The Irish Independent roster, 24/04/1916
THE day-to-day operation of a newsroom is underpinned by the diary, and its list of ‘markings’, the known events for which a reporter and/or a photographer is assigned.
So it was in the Irish Independent in 1916, when the news diary for April 24, Easter Monday, was drawn up.
One reporter was marked for the Viceregal visit to Belfast, but simmering national unrest was obvious. A reporter called Linnane was required to check out ‘Brittas and dynamite’ and ‘volunteers and Kerry incident’. Two others were also marked for ‘volunteers’, one of them to take in ‘strikes’ as well.
Most were not to finish their shift without a theatre assignment, at venues including the Abbey, Queen’s, Tivoli, Royal and the Empire (today’s Olympia).
Some of those theatres have long gone but, 100 years on, the diary has a certain
familiarity. A reporter called Knightly was down for the Teachers’ Congress, in Cork, which we would know today as the INTO annual conference. Among the motions for discussion was one condemning ‘the Irish Government and the British Treasury for the callous indifference shown to the conditions of the Irish teachers’.

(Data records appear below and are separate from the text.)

(* Halmos-Vaughan: match a critical set [S] first, then the rest avoiding [neighbours R S]. *)
Lemma hall_step_critical R A S : #|A| <= n.+1 -> hall_condition R A ->
  S \subset A -> S != set0 -> S != A -> #|neighbours R S| <= #|S| ->
  exists f, matching R A f.
Proof.
move=> cardA hallA sSA S0 SA critS.
have [f1 match1] : exists f, matching R S f.
  apply: IH => [|S' sS']; last exact/hallA/(subset_trans sS').
  by rewrite -ltnS (leq_trans _ cardA) // proper_card // properEneq SA.
have [f2 match2] : exists f,
    matching [rel x z | R x z && (z \notin neighbours R S)] (A :\: S) f.
  apply: IH => [|S' sS'].
    rewrite -ltnS (leq_trans _ cardA) // cardsDS // ltn_subrL.
    by rewrite card_gt0 S0 card_gt0 (subset_neq0 sSA).
  rewrite neighbours_avoid -(leq_add2r #|S|).
  have disS' : [disjoint S' & S] by move: sS'; rewrite subsetD => /andP[].
  have cardS'S : #|S' :|: S| = #|S'| + #|S| by apply/eqP; rewrite (leq_card_setU S' S).2.
  have sS'SA : S' :|: S \subset A by rewrite subUset sSA (subset_trans sS') ?subsetDl.
  rewrite -cardS'S (leq_trans (hallA _ sS'SA)) // neighboursU.
  rewrite -(cardsID (neighbours R S)) setDUl setDv setU0 addnC leq_add2l.
  by rewrite (leq_trans _ critS) // subset_leq_card // subsetIr.
exists (fun x => if x \in S then f1 x else f2 x); apply: matching_glue match2 => //.
by move=> x xS; apply/neighboursP; exists x; [|exact: match1.2].
Qed.
Lemma interval_nonzero y : I y -> y <> 0.
Proof. intros Hy ->. destruct HI as [_ [_ [_ H0]]]. auto. Qed.

Lemma interval_sign : exists sg, (sg = 1 \/ sg = -1) /\ forall y, I y -> Rabs y = sg * y.
Proof.
  destruct HI as [_ [[y0 Hy0] [Hconv H0]]].
  assert (Hy0nz := interval_nonzero y0 Hy0).
  destruct (Rlt_or_le 0 y0) as [Hpos | Hneg].
  - exists 1. split; [auto |]. intros y Hy. rewrite Rmult_1_l. apply Rabs_right.
    destruct (Rlt_or_le y 0); [| lra]. exfalso. apply H0, (Hconv y 0 y0); auto; lra.
  - exists (-1). split; [auto |]. intros y Hy.
    assert (y <> 0) by (apply interval_nonzero; auto).
    rewrite Rabs_left; [ring |].
    destruct (Rlt_or_le 0 y); [| lra]. exfalso. apply H0, (Hconv y0 0 y); auto; lra.
Qed.

Lemma integrand_sq_mul_affine_cube_not_const c r A C K :
  0 < r -> (forall y, Rabs (y - c) < r -> I y) -> K <> 0 ->
  ~ (forall y, Rabs (y - c) < r -> integrand y ^ 2 * (A * y + C) ^ 3 = K).
Proof.
  intros Hr HIb HK H. destruct interval_sign as [sg [Hsg Habs]].
  apply (exp_inv_mul_affine_cube_not_cube c r Hr (fun y Hy => interval_nonzero y (HIb y Hy))
           A C (K * sg)).
  - apply Rmult_integral_contrapositive_currified; [auto | lra].
  - intros y Hy. rewrite <- (integrand_sq_mul_Rabs_cube y (interval_nonzero y (HIb y Hy))).
    rewrite (Habs y (HIb y Hy)).
    replace (K * sg * y ^ 3) with (K * (sg ^ 3 * y ^ 3))
      by (destruct Hsg; subst; ring).
    rewrite <- (H y Hy). ring.
Qed.

Lemma integrand_affine_rescaling c r a B g :
  0 < r -> B <> 0 -> (forall y, Rabs (y - c) < r -> I y /\ I (B * y + g)) ->
  (forall y, Rabs (y - c) < r -> B * integrand (B * y + g) = a * integrand y) ->
  B = 1 /\ g = 0 /\ a = 1.
Proof.
  intros Hr HB HIb H. destruct interval_sign as [sg [Hsg Habs]].
  assert (Hc := Rabs_center_lt c r Hr).
  assert (Ha : a <> 0).
  { intros ->. specialize (H c Hc). rewrite Rmult_0_l in H.
    apply Rmult_integral in H as [H | H]; [auto | pose proof (integrand_pos (B * c + g)); lra]. }
  assert (Hnz : forall y, Rabs (y - c) < r -> y <> 0 /\ B * y + g <> 0)
    by (intros y Hy; split; apply interval_nonzero, HIb; auto).
  destruct (exp_inv_affine_rescaling c r Hr (fun y Hy => proj1 (Hnz y Hy)) a B g Ha HB)
    as [HB1 Hg0].
  - intros y Hy. apply Hnz; auto.
  - intros y Hy. destruct (Hnz y Hy) as [Hy0 Hu0]. destruct (HIb y Hy) as [HIy HIu].
    rewrite <- (integrand_sq_mul_Rabs_cube y Hy0), <- (integrand_sq_mul_Rabs_cube _ Hu0).
    rewrite (Habs y HIy), (Habs _ HIu).
    transitivity ((a * integrand y) ^ 2 * sg ^ 3 * (y * (B * y + g)) ^ 3); [ring |].
    rewrite <- (H y Hy). ring.
  - subst. repeat split. specialize (H c Hc).
    replace (1 * c + 0) with c in H by ring.
    pose proof (integrand_pos c). nra.
Qed.
(* Let $(E,\tau)$ be a uniquely generated violator space. Then each equivalence class of the relation $X\sim Y\iff\tau(X)=\tau(Y)$ on $2^E$ is closed under intersection and under union: if $\tau(X)=\tau(Y)$ then $\tau(X\cap Y)=\tau(X\cup Y)=\tau(X)$.
   Context: $E$ is a finite set and $\tau:2^E\to 2^E$. $(E,\tau)$ is a violator space if (C1) $Z\subseteq\tau(Z)$ for all $Z\subseteq E$, and (C22) for all $F,G\subseteq E$, $F\subseteq G\subseteq\tau(F)$ implies $\tau(G)=\tau(F)$. For $X\subseteq E$, a generator of $X$ is any $B\subseteq E$ with $\tau(B)=\tau(X)$; a basis of $X$ is an inclusion-minimal generator of $X$. The space is uniquely generated if every $X\subseteq E$ has exactly one basis. *)

From mathcomp Require Import all_boot.
Set Implicit Arguments. Unset Strict Implicit. Unset Printing Implicit Defensive.

Definition violator_space (E : finType) (tau : {set E} -> {set E}) : Prop :=
  (forall Z : {set E}, Z \subset tau Z) /\
  (forall F G : {set E}, F \subset G -> G \subset tau F -> tau G = tau F).

Definition is_generator (E : finType) (tau : {set E} -> {set E}) (X B : {set E}) : Prop :=
  tau B = tau X.

Definition is_basis (E : finType) (tau : {set E} -> {set E}) (X B : {set E}) : Prop :=
  is_generator tau X B /\
  (forall B' : {set E}, B' \proper B -> ~ is_generator tau X B').

Definition uniquely_generated (E : finType) (tau : {set E} -> {set E}) : Prop :=
  forall X : {set E}, exists! B : {set E}, is_basis tau X B.

(* Every generator of X contains a basis of X. If tau X = tau Y, then X and
   Y have the same bases, so the unique basis B lies in X :&: Y. Both X :&: Y
   and X :|: Y are then squeezed between B and tau B = tau X, and (C22) gives
   them the same closure as B. *)

From mathcomp Require Import all_boot.

Set Implicit Arguments.
Unset Strict Implicit.

Section UniquelyGeneratedViolatorSpace.

Variables (E : finType) (tau : {set E} -> {set E}).

Lemma is_basis_closure_eq (X Y B : {set E}) :
  tau X = tau Y -> is_basis tau X B -> is_basis tau Y B.
Proof. by rewrite /is_basis /is_generator => ->. Qed.

Lemma basis_sub_generator (X G : {set E}) :
  is_generator tau X G -> exists2 B : {set E}, B \subset G & is_basis tau X B.
Proof.
move=> genG.
have [B minB sBG] := @minset_exists _ [pred B | tau B == tau X] G (introT eqP genG).
exists B => //; case/minsetP: minB => /eqP genB minB; split=> // B' sB'B genB'.
have eqB'B := minB B' (introT eqP genB') (proper_sub sB'B).
by move: sB'B; rewrite eqB'B properxx.
Qed.

Hypothesis tau_violator : violator_space tau.

Lemma closure_sandwich (B Z : {set E}) :
  B \subset Z -> Z \subset tau B -> tau Z = tau B.
Proof. by case: tau_violator => _; apply. Qed.

Hypothesis tau_unique : uniquely_generated tau.

Lemma basis_sub_setI (X Y : {set E}) :
  tau X = tau Y -> exists2 B : {set E}, B \subset X :&: Y & tau B = tau X.
Proof.
move=> eqXY.
have [B sBX basB] := basis_sub_generator (erefl (tau X)).
have [B' sB'Y basB'] := basis_sub_generator (erefl (tau Y)).
have [B0 [_ uniqB0]] := tau_unique X.
have eqB'B : B' = B.
  by rewrite -(uniqB0 _ basB) -(uniqB0 _ (is_basis_closure_eq (esym eqXY) basB')).
by exists B; [rewrite subsetI sBX -eqB'B | case: basB].
Qed.

End UniquelyGeneratedViolatorSpace.

Theorem mainTheorem17 (E : finType) (tau : {set E} -> {set E}) :
  violator_space tau -> uniquely_generated tau ->
  forall X Y : {set E}, tau X = tau Y ->
    tau (X :&: Y) = tau X /\ tau (X :|: Y) = tau X.
Proof.
move=> viol uniq X Y eqXY.
have [B sBXY eqBX] := basis_sub_setI uniq eqXY.
have [sub_tau _] := viol.
rewrite -eqBX; split; apply: (closure_sandwich viol).
- exact: sBXY.
- by rewrite eqBX; apply: subset_trans (subsetIl X Y) (sub_tau X).
- by apply: subset_trans sBXY _; apply: subset_trans (subsetIl X Y) (subsetUl X Y).
- by rewrite eqBX subUset sub_tau eqXY sub_tau.
Qed.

Another reporter was assigned to the drapers’ assistants’ annual convention and dinner. Mandate, the union representing retail trade workers, still holds its delegate conference at this time of year.
They were among the markings — but then there was also the dramatic, breaking news, carefully recorded and writ large across the diary page: ‘Revolution breaks out in city between 11 and 12 noon’.